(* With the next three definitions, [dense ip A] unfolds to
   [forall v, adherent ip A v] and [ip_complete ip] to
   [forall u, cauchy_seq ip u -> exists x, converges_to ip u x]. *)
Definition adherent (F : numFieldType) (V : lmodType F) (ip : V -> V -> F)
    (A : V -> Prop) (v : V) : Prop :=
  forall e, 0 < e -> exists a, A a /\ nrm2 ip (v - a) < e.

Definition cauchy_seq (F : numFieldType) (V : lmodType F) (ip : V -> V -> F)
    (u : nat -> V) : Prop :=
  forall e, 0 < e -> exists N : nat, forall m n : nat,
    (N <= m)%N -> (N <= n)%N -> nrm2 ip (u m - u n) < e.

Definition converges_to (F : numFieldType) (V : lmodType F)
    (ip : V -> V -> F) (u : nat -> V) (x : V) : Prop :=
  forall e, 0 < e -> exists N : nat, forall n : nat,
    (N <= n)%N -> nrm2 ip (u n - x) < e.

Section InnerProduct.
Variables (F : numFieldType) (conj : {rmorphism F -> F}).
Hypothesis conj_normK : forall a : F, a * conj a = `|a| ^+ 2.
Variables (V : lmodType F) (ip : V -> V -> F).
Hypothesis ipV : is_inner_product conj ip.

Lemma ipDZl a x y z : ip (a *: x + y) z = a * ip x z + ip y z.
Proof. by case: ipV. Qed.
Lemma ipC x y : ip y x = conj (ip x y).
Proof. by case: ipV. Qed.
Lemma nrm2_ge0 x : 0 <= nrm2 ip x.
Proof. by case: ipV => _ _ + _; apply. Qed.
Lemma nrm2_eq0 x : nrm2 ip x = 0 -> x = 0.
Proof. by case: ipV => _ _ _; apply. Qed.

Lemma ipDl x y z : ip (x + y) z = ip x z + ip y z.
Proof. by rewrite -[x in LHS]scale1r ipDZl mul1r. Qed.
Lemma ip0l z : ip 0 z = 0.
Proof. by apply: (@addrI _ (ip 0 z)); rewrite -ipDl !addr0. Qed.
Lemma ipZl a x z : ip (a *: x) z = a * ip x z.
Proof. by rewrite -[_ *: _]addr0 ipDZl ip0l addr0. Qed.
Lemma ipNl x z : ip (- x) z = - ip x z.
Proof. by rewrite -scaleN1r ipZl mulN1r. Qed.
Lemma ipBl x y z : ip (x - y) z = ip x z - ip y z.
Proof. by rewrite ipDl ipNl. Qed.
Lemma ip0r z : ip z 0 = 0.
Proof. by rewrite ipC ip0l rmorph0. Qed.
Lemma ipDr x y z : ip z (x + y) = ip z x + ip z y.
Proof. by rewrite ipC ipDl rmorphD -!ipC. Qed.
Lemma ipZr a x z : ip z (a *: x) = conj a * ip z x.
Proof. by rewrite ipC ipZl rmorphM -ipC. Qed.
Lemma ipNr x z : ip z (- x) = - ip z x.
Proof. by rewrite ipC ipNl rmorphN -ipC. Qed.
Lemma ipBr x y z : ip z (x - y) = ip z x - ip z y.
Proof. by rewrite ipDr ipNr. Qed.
...
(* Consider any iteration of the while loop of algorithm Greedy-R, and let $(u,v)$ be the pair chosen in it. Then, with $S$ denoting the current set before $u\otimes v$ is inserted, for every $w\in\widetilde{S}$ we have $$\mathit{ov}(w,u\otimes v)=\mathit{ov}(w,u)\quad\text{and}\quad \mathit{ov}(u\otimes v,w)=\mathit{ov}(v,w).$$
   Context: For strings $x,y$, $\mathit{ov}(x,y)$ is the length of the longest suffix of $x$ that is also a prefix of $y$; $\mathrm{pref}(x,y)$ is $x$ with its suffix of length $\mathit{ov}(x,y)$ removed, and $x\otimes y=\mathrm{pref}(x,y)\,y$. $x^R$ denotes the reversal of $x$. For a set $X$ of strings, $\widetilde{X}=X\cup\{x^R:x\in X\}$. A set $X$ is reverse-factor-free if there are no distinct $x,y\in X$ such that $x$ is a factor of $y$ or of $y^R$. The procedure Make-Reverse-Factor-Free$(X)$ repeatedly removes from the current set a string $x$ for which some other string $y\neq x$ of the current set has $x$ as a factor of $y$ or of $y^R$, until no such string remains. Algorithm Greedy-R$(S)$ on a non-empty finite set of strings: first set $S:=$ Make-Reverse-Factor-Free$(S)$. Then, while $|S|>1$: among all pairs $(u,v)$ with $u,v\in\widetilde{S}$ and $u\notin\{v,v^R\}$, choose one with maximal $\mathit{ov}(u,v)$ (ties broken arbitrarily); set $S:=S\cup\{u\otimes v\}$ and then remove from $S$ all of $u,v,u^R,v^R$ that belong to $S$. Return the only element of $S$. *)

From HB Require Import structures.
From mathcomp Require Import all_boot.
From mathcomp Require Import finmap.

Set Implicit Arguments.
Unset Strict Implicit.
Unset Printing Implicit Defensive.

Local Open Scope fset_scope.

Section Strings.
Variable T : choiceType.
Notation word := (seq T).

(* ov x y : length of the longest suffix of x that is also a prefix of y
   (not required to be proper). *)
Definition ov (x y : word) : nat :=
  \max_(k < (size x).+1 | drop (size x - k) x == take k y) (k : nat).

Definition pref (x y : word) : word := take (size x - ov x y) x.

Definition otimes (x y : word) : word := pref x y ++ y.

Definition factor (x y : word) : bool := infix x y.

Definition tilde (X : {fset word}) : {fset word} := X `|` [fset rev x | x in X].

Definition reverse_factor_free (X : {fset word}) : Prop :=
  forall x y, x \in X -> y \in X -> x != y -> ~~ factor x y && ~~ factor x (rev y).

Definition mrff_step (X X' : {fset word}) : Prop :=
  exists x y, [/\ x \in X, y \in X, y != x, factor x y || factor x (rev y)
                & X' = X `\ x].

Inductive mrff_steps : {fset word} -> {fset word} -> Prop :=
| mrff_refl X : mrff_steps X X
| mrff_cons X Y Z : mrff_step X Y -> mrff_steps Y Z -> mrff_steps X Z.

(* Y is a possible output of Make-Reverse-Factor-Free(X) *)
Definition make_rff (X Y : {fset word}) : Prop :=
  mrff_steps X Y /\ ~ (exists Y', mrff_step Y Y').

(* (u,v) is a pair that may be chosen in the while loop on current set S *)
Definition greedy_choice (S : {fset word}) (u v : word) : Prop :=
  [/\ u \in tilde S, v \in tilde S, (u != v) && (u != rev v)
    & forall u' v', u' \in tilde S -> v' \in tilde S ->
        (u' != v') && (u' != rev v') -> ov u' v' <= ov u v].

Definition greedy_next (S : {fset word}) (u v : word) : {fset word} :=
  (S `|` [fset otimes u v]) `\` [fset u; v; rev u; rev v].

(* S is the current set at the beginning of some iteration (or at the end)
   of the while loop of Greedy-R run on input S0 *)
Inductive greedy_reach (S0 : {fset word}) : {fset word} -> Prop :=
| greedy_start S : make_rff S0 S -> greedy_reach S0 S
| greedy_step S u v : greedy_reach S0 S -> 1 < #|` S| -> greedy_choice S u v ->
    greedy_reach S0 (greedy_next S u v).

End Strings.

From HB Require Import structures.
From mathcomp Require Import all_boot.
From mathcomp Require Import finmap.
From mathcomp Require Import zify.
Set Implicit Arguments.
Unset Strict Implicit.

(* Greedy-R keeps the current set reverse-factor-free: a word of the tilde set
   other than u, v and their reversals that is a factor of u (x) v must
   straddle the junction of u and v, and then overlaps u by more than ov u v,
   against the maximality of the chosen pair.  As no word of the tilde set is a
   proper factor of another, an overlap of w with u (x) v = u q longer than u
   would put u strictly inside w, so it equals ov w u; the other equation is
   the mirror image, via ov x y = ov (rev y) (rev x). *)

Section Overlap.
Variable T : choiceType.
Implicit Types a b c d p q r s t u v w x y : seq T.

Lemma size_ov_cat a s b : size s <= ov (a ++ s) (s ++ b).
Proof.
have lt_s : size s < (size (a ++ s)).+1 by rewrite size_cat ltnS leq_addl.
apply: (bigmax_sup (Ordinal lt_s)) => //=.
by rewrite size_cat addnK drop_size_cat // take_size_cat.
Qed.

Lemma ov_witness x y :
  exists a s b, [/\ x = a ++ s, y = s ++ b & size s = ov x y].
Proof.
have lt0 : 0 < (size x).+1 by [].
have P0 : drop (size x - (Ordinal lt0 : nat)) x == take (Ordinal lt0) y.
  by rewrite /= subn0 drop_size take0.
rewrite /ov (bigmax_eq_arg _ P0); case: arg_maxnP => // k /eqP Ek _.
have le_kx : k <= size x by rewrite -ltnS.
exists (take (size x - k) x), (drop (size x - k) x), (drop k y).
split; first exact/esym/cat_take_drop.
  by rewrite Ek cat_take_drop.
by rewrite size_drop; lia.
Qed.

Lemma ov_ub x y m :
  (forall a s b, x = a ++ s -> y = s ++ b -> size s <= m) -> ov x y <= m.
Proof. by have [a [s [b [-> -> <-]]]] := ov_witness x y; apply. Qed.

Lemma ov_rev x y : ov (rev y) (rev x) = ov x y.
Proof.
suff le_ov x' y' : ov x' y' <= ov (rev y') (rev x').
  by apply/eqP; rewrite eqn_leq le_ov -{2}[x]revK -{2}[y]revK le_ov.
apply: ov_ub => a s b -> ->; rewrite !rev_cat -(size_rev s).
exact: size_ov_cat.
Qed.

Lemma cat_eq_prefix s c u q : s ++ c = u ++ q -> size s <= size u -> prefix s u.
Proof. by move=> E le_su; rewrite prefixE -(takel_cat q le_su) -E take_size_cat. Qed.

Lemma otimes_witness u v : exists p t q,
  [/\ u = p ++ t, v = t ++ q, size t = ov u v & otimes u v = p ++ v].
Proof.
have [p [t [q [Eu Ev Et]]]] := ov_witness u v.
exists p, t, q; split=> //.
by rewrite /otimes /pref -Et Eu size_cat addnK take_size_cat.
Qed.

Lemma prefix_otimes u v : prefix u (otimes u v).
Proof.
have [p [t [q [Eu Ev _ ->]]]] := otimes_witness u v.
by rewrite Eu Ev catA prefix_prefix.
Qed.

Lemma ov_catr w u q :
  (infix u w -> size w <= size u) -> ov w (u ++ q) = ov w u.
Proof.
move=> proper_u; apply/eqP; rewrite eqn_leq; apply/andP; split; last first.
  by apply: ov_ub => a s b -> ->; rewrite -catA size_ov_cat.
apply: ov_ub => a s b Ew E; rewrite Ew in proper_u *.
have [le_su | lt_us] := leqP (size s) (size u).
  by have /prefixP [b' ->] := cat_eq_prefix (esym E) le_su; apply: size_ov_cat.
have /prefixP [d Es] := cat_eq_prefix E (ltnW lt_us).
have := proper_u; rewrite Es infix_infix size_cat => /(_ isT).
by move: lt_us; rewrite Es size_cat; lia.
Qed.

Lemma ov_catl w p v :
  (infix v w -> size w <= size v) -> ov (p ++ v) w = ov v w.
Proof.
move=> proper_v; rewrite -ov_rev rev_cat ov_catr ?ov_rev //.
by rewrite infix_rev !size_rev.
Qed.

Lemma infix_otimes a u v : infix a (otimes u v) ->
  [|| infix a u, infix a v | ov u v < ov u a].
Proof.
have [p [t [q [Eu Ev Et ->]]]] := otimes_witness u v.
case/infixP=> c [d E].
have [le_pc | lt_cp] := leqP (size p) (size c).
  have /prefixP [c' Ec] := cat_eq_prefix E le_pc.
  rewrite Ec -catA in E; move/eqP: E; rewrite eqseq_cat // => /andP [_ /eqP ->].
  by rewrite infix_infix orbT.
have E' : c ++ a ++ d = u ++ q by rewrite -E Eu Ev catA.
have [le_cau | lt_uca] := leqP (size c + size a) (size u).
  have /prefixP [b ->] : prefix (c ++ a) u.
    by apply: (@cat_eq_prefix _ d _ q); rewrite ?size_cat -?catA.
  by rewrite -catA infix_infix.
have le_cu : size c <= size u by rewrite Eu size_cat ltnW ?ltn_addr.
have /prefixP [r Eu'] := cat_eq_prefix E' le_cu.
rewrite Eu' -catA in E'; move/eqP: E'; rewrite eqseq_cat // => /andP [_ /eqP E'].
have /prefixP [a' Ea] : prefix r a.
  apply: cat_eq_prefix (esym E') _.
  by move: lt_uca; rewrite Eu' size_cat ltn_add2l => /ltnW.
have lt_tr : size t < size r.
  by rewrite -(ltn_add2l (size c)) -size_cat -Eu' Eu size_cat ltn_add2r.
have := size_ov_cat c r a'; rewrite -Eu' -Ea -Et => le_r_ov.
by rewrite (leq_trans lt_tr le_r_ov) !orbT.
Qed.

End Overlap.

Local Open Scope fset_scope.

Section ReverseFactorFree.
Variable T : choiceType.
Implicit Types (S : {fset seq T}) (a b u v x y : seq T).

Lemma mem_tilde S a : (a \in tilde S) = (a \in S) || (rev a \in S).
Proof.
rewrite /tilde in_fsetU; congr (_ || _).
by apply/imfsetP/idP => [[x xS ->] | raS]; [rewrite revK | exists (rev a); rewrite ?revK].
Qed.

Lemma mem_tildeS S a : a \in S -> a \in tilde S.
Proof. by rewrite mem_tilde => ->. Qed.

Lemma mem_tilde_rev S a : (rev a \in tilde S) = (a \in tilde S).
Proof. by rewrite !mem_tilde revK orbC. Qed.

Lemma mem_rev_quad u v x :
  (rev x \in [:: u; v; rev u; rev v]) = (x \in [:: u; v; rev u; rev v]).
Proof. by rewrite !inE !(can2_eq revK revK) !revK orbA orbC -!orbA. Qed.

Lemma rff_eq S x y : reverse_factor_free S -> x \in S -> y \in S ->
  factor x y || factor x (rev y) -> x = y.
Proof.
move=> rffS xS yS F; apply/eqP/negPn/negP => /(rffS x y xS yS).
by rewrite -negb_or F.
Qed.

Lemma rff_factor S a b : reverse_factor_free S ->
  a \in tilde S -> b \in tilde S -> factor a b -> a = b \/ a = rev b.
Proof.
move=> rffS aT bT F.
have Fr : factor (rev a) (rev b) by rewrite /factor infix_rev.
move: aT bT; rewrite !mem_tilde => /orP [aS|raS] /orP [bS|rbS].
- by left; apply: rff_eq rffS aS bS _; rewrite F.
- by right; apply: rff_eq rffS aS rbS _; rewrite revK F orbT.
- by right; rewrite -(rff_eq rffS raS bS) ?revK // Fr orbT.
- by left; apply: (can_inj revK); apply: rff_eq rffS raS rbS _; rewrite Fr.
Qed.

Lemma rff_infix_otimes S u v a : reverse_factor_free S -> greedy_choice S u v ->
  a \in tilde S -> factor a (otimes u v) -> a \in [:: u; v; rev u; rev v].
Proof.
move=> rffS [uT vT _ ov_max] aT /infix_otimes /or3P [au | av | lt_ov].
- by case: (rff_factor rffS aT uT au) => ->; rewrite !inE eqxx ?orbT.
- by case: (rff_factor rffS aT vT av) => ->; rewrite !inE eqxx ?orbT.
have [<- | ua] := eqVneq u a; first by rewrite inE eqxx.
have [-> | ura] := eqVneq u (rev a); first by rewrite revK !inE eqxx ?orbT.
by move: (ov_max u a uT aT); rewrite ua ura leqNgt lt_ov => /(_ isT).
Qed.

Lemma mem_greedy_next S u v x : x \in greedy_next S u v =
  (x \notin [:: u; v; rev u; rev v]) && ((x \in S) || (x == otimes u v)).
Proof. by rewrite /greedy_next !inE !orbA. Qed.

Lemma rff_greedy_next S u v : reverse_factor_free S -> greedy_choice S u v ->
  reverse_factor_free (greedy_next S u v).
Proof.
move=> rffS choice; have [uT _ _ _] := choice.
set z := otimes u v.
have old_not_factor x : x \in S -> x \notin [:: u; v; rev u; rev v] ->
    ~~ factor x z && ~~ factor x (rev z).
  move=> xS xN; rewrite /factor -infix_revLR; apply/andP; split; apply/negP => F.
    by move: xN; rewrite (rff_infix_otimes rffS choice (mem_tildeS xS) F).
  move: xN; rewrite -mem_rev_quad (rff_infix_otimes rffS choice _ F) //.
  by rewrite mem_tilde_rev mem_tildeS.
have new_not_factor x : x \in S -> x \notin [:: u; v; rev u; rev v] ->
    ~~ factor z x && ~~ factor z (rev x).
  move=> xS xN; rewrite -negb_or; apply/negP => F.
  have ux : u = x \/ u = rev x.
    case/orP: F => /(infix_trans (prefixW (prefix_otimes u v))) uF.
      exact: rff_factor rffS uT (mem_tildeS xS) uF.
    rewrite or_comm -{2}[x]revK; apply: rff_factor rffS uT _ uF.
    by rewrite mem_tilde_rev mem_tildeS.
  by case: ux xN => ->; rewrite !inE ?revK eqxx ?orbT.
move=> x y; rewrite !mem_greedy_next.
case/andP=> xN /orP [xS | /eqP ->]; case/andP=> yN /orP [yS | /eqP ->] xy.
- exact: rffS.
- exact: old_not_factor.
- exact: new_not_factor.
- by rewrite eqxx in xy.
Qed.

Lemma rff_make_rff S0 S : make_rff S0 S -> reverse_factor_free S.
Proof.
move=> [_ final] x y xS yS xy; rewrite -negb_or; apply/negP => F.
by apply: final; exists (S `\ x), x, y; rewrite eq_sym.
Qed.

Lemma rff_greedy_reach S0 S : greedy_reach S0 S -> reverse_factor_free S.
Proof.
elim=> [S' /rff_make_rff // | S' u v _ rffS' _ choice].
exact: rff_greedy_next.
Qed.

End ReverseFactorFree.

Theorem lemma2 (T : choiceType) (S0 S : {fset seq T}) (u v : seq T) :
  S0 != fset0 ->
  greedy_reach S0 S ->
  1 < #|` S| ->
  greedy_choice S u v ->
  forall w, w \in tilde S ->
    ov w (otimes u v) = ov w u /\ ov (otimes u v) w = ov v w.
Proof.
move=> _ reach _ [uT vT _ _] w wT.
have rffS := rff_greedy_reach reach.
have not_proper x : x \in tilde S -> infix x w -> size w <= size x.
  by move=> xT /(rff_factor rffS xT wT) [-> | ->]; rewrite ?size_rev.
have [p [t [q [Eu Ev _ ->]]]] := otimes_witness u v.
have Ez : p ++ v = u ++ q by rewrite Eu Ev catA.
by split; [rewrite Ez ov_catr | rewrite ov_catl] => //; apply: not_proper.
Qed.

## What you have to do
Consider the material above. Report how many of its lines contain the word "ipNr", and nothing more.

## Answer section
2